One difficulty with using a reactive material as a getter is that they can be contaminated by handling or through exposure to hot gases during processing steps prior to vacuum sealing. As taught by U.S. Pat. No. 5,191,980 to Boffito et al., an adhesive plastic layer can be applied to a reactive metal film to provide protection during storage and shipping, but must be removed prior to activation and use of the film as a getter material. Therefore, while plastic films of the type taught by Boffito et al. are useful to protect a getter material during shipping, a plastic film cannot protect a getter material during high temperature operation of the device in which film is installed. Furthermore, a plastic film must be removed prior to high temperature processing often required by microelectronic devices, such as many bonded panel and wafer configurations used in the microelectronics industry. During glass frit wafer and panel bonding techniques, glass frit is flowed in air at atmospheric pressure and at temperatures above 300° C. Exposure to these temperatures can degrade the gettering performance of a reactive metal film due to oxidation and gas absorption.
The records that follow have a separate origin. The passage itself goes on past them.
(* Let $X$ be a compact Hausdorff space and $\phi_1,\dots,\phi_m$ real-valued continuous functions on $X$. Let $\mathcal C(X,1,\boldsymbol\phi)$ be the set of positive scalar Borel measures $\mu$ on $X$ with $\mu(X)=1$ and $\int_X\phi_i\,d\mu=0$ for $i=1,\dots,m$. Suppose $\mu=\sum_{j=1}^n w_j\delta_{x_j}$ where $1\le n\le m+1$, $x_1,\dots,x_n$ are distinct points of $X$, and the real numbers $w_j$ satisfy $w_j>0$, $\sum_{j=1}^nw_j=1$, and $\sum_{j=1}^n\phi_i(x_j)w_j=0$ for $i=1,\dots,m$. Write $\boldsymbol\phi(x_j)=(\phi_1(x_j),\dots,\phi_m(x_j))^{T}\in\mathbb{R}^m$. Then $\mu$ is an extreme point of $\mathcal C(X,1,\boldsymbol\phi)$ if and only if $0=\sum_{j=1}^nw_j\boldsymbol\phi(x_j)$ is an interior point of the convex hull of $\{\boldsymbol\phi(x_1),\dots,\boldsymbol\phi(x_n)\}$ in $\mathbb{R}^m$.
   Context: $\delta_x$ denotes the unit point-mass at $x$. A vector $v$ is an interior point of the convex hull of $\{u_1,\dots,u_n\}\subset\mathbb R^m$ if $v=\sum_j\lambda_ju_j$ with $\lambda_j>0$, $\sum_j\lambda_j=1$, and the coefficients $\lambda_1,\dots,\lambda_n$ are uniquely determined by these conditions. *)

From HB Require Import structures.
From mathcomp Require Import all_boot all_order all_algebra.
From mathcomp Require Import all_classical all_reals all_analysis.
Set Implicit Arguments. Unset Strict Implicit. Unset Printing Implicit Defensive.
Import Order.TTheory GRing.Theory Num.Theory.
Local Open Scope classical_set_scope.
Local Open Scope ring_scope.

Definition Borel (X : ptopologicalType) := g_sigma_algebraType (@open X).

Definition Cset (R : realType) (X : ptopologicalType) (m : nat)
    (phi : 'I_m -> X -> R) (mu : {measure set (Borel X) -> \bar R}) : Prop :=
  mu setT = 1%E /\ forall i : 'I_m, (\int[mu]_x (phi i x)%:E = 0)%E.

(* Extreme point of a convex set P of measures (measures are identified
   when they agree on all measurable sets). *)
Definition extreme_measure (R : realType) (X : ptopologicalType)
    (P : {measure set (Borel X) -> \bar R} -> Prop)
    (mu : {measure set (Borel X) -> \bar R}) : Prop :=
  P mu /\
  forall (nu1 nu2 : {measure set (Borel X) -> \bar R}) (t : R),
    P nu1 -> P nu2 -> 0 < t < 1 ->
    (forall A : set (Borel X), measurable A ->
       mu A = (t%:E * nu1 A + (1 - t)%:E * nu2 A)%E) ->
    forall A : set (Borel X), measurable A -> nu1 A = nu2 A.

Definition interior_conv_point (R : realType) (m n : nat)
    (v : 'rV[R]_m) (u : 'I_n -> 'rV[R]_m) : Prop :=
  exists lam : 'I_n -> R,
    [/\ forall j, 0 < lam j,
        \sum_(j < n) lam j = 1,
        v = \sum_(j < n) lam j *: u j &
        forall lam' : 'I_n -> R,
          (forall j, 0 < lam' j) -> \sum_(j < n) lam' j = 1 ->
          v = \sum_(j < n) lam' j *: u j -> forall j, lam' j = lam j].

From HB Require Import structures.
From mathcomp Require Import all_boot all_order all_algebra.
From mathcomp Require Import all_classical all_reals all_analysis.
From mathcomp Require Import measurable_realfun.
From mathcomp Require Import ring lra.
Set Implicit Arguments.
Unset Strict Implicit.
Unset Printing Implicit Defensive.
Import Order.TTheory GRing.Theory Num.Theory numFieldNormedType.Exports.
Local Open Scope classical_set_scope.
Local Open Scope ring_scope.

(* A measure in
   C(X,1,phi) that vanishes off the atoms [x j] is the discrete measure with
   some weights [a] summing to 1 and annihilating the vectors phi(x j);
   averaging [a] with [w] gives positive such weights, so if [w] is the only
   one, every decomposition of [mu] inside C(X,1,phi) is trivial.
   Conversely, any other positive admissible [l] gives [w = t l + (1 - t) b]
   with [t] small and [b] admissible and nonnegative, and extremality of
   [mu] forces [l = b], whence [l = w]. *)

Section DiscreteMeasure.
Context d (T : measurableType d) (R : realType) (n : nat) (x : 'I_n -> T).

(* [msum] sums measures indexed by [nat]; indices [k >= n] contribute zero. *)
Definition weighted_dirac {a : 'I_n -> R} (a_ge0 : forall j, 0 <= a j) (k : nat)
    : {measure set T -> \bar R} :=
  if insub k is Some j then mscale (NngNum (a_ge0 j)) \d_(x j) else mzero.

Definition discrete_measure {a : 'I_n -> R} (a_ge0 : forall j, 0 <= a j)
    : {measure set T -> \bar R} :=
  msum (weighted_dirac a_ge0) n.

Variables (a : 'I_n -> R) (a_ge0 : forall j, 0 <= a j).
Local Notation nu := (discrete_measure a_ge0).

Lemma discrete_measureE A : nu A = (\sum_(j < n) (a j)%:E * \d_(x j) A)%E.
Proof. by apply: eq_bigr => j _; rewrite /weighted_dirac valK. Qed.

Lemma discrete_measureT : nu setT = (\sum_(j < n) a j)%:E.
Proof.
rewrite discrete_measureE -sumEFin; apply: eq_bigr => j _.
by rewrite diracE in_setT mule1.
Qed.

Lemma ge0_integral_discrete_measure (g : T -> \bar R) :
  (forall y, 0 <= g y)%E -> measurable_fun setT g ->
  (\int[nu]_y g y = \sum_(j < n) (a j)%:E * g (x j))%E.
Proof.
move=> g_ge0 mg; rewrite ge0_integral_measure_sum//; apply: eq_bigr => j _.
rewrite /weighted_dirac valK ge0_integral_mscale// integral_dirac//.
by rewrite diracE in_setT mul1e.
Qed.

Lemma integral_discrete_measure (f : T -> R) : measurable_fun setT f ->
  (\int[nu]_y (f y)%:E = (\sum_(j < n) a j * f (x j))%:E)%E.
Proof.
move=> /measurable_EFinP mf.
rewrite integralE !ge0_integral_discrete_measure//;
  [|exact: measurable_funeneg|exact: measurable_funepos].
rewrite (eq_bigr (fun j => (a j * Num.max (f (x j)) 0)%:E)); last first.
  by move=> j _; rewrite funeposE -EFin_max EFinM.
rewrite [X in (_ - X)%E](eq_bigr (fun j => (a j * Num.max (- f (x j)) 0)%:E));
  last first.
  by move=> j _; rewrite funenegE -EFin_max EFinM.
rewrite !sumEFin -EFinB -sumrB; congr (_%:E); apply: eq_bigr => j _.
rewrite -mulrBr; congr (_ * _).
have [f_ge0|f_lt0] := lerP 0 (f (x j)).
  by rewrite (max_idPr _) ?subr0 // oppr_le0.
by rewrite (max_idPl _) ?sub0r ?opprK // oppr_ge0 ltW.
Qed.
NEG's, commercial examples of which include sintered metal particles and strips available from SAES Getters SpA of Italy, develop an oxide layer during sintering that must be removed by an “activation” step, which involves heating to temperatures of 400° C. or more. Metals such as vanadium and niobium can be added to NEG materials to help reduce this oxide growth, thereby allowing gases to diffuse into the bulk of the material. Nevertheless, activation can require subjecting a NEG material to temperatures that can be incompatible with materials and processes used in the electronic industry.
In view of the above, it would be desirable if contamination, oxidation and gas absorption of a reactive material could be avoided or at least minimized during handling, storage and high temperature processing of a device in which the reactive material is to be used.